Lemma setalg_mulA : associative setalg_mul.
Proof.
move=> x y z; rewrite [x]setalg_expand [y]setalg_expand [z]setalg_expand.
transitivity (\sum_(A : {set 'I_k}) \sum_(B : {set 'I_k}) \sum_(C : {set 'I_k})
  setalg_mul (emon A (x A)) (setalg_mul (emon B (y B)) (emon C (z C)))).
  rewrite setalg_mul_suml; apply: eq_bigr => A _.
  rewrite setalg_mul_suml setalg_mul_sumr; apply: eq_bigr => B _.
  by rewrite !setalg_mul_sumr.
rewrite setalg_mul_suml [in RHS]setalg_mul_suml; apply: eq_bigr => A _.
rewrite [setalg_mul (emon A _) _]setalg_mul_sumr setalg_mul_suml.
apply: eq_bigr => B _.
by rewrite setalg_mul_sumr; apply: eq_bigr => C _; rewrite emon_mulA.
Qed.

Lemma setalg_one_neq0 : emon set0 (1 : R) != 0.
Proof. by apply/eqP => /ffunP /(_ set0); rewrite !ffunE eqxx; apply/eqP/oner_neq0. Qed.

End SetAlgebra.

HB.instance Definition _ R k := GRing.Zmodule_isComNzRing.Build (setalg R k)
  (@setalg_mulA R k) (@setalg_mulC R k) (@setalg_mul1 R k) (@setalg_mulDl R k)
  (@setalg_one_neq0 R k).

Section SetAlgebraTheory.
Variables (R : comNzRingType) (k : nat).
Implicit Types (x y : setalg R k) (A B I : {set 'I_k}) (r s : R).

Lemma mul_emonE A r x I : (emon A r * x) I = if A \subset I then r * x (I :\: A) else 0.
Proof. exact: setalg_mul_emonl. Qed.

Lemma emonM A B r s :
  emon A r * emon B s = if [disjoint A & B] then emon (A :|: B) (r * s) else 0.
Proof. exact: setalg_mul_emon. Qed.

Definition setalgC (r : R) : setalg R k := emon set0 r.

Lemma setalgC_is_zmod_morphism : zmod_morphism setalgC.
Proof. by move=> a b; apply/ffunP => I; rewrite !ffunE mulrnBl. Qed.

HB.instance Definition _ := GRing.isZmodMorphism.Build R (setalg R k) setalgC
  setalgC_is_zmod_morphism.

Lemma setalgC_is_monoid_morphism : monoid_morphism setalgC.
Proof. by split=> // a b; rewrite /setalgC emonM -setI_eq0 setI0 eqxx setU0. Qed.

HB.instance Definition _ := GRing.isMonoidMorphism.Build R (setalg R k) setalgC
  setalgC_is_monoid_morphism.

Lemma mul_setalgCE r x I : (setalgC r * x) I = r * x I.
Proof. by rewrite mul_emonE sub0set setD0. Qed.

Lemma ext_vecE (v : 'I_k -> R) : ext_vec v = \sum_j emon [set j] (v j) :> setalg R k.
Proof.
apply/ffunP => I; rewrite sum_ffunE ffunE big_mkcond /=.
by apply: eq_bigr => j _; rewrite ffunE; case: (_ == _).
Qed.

****************************************

=== EXERCISE PROMPT ===
Scan the records above for the lines holding "rewrite setalg_mul_suml setalg_mul_sumr;" and "Proof. by split=>". Transcribe those two and every line between them word for word, and no others.

=== OUTPUT FOR THIS EXERCISE ===
  rewrite setalg_mul_suml setalg_mul_sumr; apply: eq_bigr => B _.
  by rewrite !setalg_mul_sumr.
rewrite setalg_mul_suml [in RHS]setalg_mul_suml; apply: eq_bigr => A _.
rewrite [setalg_mul (emon A _) _]setalg_mul_sumr setalg_mul_suml.
apply: eq_bigr => B _.
by rewrite setalg_mul_sumr; apply: eq_bigr => C _; rewrite emon_mulA.
Qed.

Lemma setalg_one_neq0 : emon set0 (1 : R) != 0.
Proof. by apply/eqP => /ffunP /(_ set0); rewrite !ffunE eqxx; apply/eqP/oner_neq0. Qed.

End SetAlgebra.

HB.instance Definition _ R k := GRing.Zmodule_isComNzRing.Build (setalg R k)
  (@setalg_mulA R k) (@setalg_mulC R k) (@setalg_mul1 R k) (@setalg_mulDl R k)
  (@setalg_one_neq0 R k).

Section SetAlgebraTheory.
Variables (R : comNzRingType) (k : nat).
Implicit Types (x y : setalg R k) (A B I : {set 'I_k}) (r s : R).

Lemma mul_emonE A r x I : (emon A r * x) I = if A \subset I then r * x (I :\: A) else 0.
Proof. exact: setalg_mul_emonl. Qed.

Lemma emonM A B r s :
  emon A r * emon B s = if [disjoint A & B] then emon (A :|: B) (r * s) else 0.
Proof. exact: setalg_mul_emon. Qed.

Definition setalgC (r : R) : setalg R k := emon set0 r.

Lemma setalgC_is_zmod_morphism : zmod_morphism setalgC.
Proof. by move=> a b; apply/ffunP => I; rewrite !ffunE mulrnBl. Qed.

HB.instance Definition _ := GRing.isZmodMorphism.Build R (setalg R k) setalgC
  setalgC_is_zmod_morphism.

Lemma setalgC_is_monoid_morphism : monoid_morphism setalgC.
Proof. by split=> // a b; rewrite /setalgC emonM -setI_eq0 setI0 eqxx setU0. Qed.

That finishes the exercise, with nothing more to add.